(PROVIDED INFORMATION)

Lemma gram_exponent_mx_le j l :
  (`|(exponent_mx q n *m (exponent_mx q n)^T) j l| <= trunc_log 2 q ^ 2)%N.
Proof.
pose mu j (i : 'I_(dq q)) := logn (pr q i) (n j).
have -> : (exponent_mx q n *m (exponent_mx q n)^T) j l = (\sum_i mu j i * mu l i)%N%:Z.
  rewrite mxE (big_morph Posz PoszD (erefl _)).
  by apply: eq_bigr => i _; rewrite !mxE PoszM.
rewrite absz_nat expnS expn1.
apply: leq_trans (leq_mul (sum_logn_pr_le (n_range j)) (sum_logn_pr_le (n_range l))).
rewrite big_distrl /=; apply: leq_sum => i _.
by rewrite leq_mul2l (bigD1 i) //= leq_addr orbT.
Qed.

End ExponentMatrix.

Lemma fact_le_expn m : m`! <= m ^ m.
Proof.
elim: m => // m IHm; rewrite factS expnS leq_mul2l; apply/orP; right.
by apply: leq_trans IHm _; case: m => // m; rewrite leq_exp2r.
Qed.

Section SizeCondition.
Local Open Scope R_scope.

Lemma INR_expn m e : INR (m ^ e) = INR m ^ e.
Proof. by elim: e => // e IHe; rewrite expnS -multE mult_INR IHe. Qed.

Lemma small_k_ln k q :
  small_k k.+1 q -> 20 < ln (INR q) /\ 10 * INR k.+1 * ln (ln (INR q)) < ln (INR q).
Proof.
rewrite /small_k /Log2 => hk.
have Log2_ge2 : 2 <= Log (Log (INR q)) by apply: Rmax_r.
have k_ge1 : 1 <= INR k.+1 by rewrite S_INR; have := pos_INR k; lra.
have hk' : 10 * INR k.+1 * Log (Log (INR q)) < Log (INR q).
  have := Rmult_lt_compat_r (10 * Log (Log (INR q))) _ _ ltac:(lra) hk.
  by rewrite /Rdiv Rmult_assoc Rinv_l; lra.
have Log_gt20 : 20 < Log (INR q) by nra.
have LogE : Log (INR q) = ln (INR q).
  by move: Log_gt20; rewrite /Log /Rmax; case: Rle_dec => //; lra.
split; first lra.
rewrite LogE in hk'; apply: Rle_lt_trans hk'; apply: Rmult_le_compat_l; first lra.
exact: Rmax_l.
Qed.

(End PROVIDED INFORMATION)
(PROVIDED INFORMATION)

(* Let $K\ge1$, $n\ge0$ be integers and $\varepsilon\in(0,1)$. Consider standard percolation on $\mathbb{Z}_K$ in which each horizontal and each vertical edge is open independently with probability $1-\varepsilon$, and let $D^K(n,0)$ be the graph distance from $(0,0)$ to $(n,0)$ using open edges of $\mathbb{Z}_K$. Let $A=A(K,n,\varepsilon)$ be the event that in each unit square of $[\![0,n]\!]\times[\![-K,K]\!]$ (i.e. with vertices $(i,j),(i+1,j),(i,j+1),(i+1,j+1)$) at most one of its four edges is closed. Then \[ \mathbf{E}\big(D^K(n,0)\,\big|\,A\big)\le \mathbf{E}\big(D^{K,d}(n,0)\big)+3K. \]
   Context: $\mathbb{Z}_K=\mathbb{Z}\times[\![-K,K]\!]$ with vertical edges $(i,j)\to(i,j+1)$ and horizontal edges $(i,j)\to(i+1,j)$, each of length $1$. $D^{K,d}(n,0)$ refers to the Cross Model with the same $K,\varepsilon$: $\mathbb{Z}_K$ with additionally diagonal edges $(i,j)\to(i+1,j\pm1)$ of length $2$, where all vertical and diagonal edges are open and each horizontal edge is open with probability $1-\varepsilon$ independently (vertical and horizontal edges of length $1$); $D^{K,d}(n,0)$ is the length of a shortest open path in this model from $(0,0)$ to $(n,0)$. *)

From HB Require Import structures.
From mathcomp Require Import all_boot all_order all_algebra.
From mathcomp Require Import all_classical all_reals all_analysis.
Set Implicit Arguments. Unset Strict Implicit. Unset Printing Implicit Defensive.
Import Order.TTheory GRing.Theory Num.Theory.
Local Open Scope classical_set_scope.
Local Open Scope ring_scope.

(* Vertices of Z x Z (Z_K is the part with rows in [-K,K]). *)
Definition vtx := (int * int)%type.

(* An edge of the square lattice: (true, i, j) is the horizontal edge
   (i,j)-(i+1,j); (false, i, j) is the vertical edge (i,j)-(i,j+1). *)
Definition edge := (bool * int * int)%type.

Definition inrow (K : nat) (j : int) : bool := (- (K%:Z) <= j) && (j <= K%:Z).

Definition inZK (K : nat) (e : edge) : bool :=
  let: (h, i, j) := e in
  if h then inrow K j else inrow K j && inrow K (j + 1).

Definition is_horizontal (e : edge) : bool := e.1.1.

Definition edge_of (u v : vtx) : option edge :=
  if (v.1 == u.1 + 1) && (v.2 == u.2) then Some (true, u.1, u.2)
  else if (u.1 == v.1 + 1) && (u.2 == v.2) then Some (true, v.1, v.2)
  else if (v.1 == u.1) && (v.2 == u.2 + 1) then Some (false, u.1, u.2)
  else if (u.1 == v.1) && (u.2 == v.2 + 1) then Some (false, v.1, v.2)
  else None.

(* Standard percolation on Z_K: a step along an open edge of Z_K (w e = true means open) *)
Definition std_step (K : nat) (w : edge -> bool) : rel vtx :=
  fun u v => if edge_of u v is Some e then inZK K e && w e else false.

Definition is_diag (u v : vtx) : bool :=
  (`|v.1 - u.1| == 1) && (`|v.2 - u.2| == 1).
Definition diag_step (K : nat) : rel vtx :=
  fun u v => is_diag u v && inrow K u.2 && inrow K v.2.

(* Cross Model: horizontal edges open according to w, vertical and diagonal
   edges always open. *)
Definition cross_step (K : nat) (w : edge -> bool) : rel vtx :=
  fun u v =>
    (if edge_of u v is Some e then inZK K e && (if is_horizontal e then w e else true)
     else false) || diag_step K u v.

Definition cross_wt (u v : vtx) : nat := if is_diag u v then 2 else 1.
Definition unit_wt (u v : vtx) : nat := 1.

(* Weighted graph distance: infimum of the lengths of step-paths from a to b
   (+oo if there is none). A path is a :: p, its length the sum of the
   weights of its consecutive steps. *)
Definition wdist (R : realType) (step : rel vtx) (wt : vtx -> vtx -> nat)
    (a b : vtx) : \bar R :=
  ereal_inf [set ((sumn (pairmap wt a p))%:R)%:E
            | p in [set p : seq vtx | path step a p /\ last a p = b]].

(End PROVIDED INFORMATION)

- **PROMPT**
Gather every line from the listing above in which the word "graph" appears.

- **SOLUTION TO THIS PROBLEM**
(* Let $K\ge1$, $n\ge0$ be integers and $\varepsilon\in(0,1)$. Consider standard percolation on $\mathbb{Z}_K$ in which each horizontal and each vertical edge is open independently with probability $1-\varepsilon$, and let $D^K(n,0)$ be the graph distance from $(0,0)$ to $(n,0)$ using open edges of $\mathbb{Z}_K$. Let $A=A(K,n,\varepsilon)$ be the event that in each unit square of $[\![0,n]\!]\times[\![-K,K]\!]$ (i.e. with vertices $(i,j),(i+1,j),(i,j+1),(i+1,j+1)$) at most one of its four edges is closed. Then \[ \mathbf{E}\big(D^K(n,0)\,\big|\,A\big)\le \mathbf{E}\big(D^{K,d}(n,0)\big)+3K. \]
(* Weighted graph distance: infimum of the lengths of step-paths from a to b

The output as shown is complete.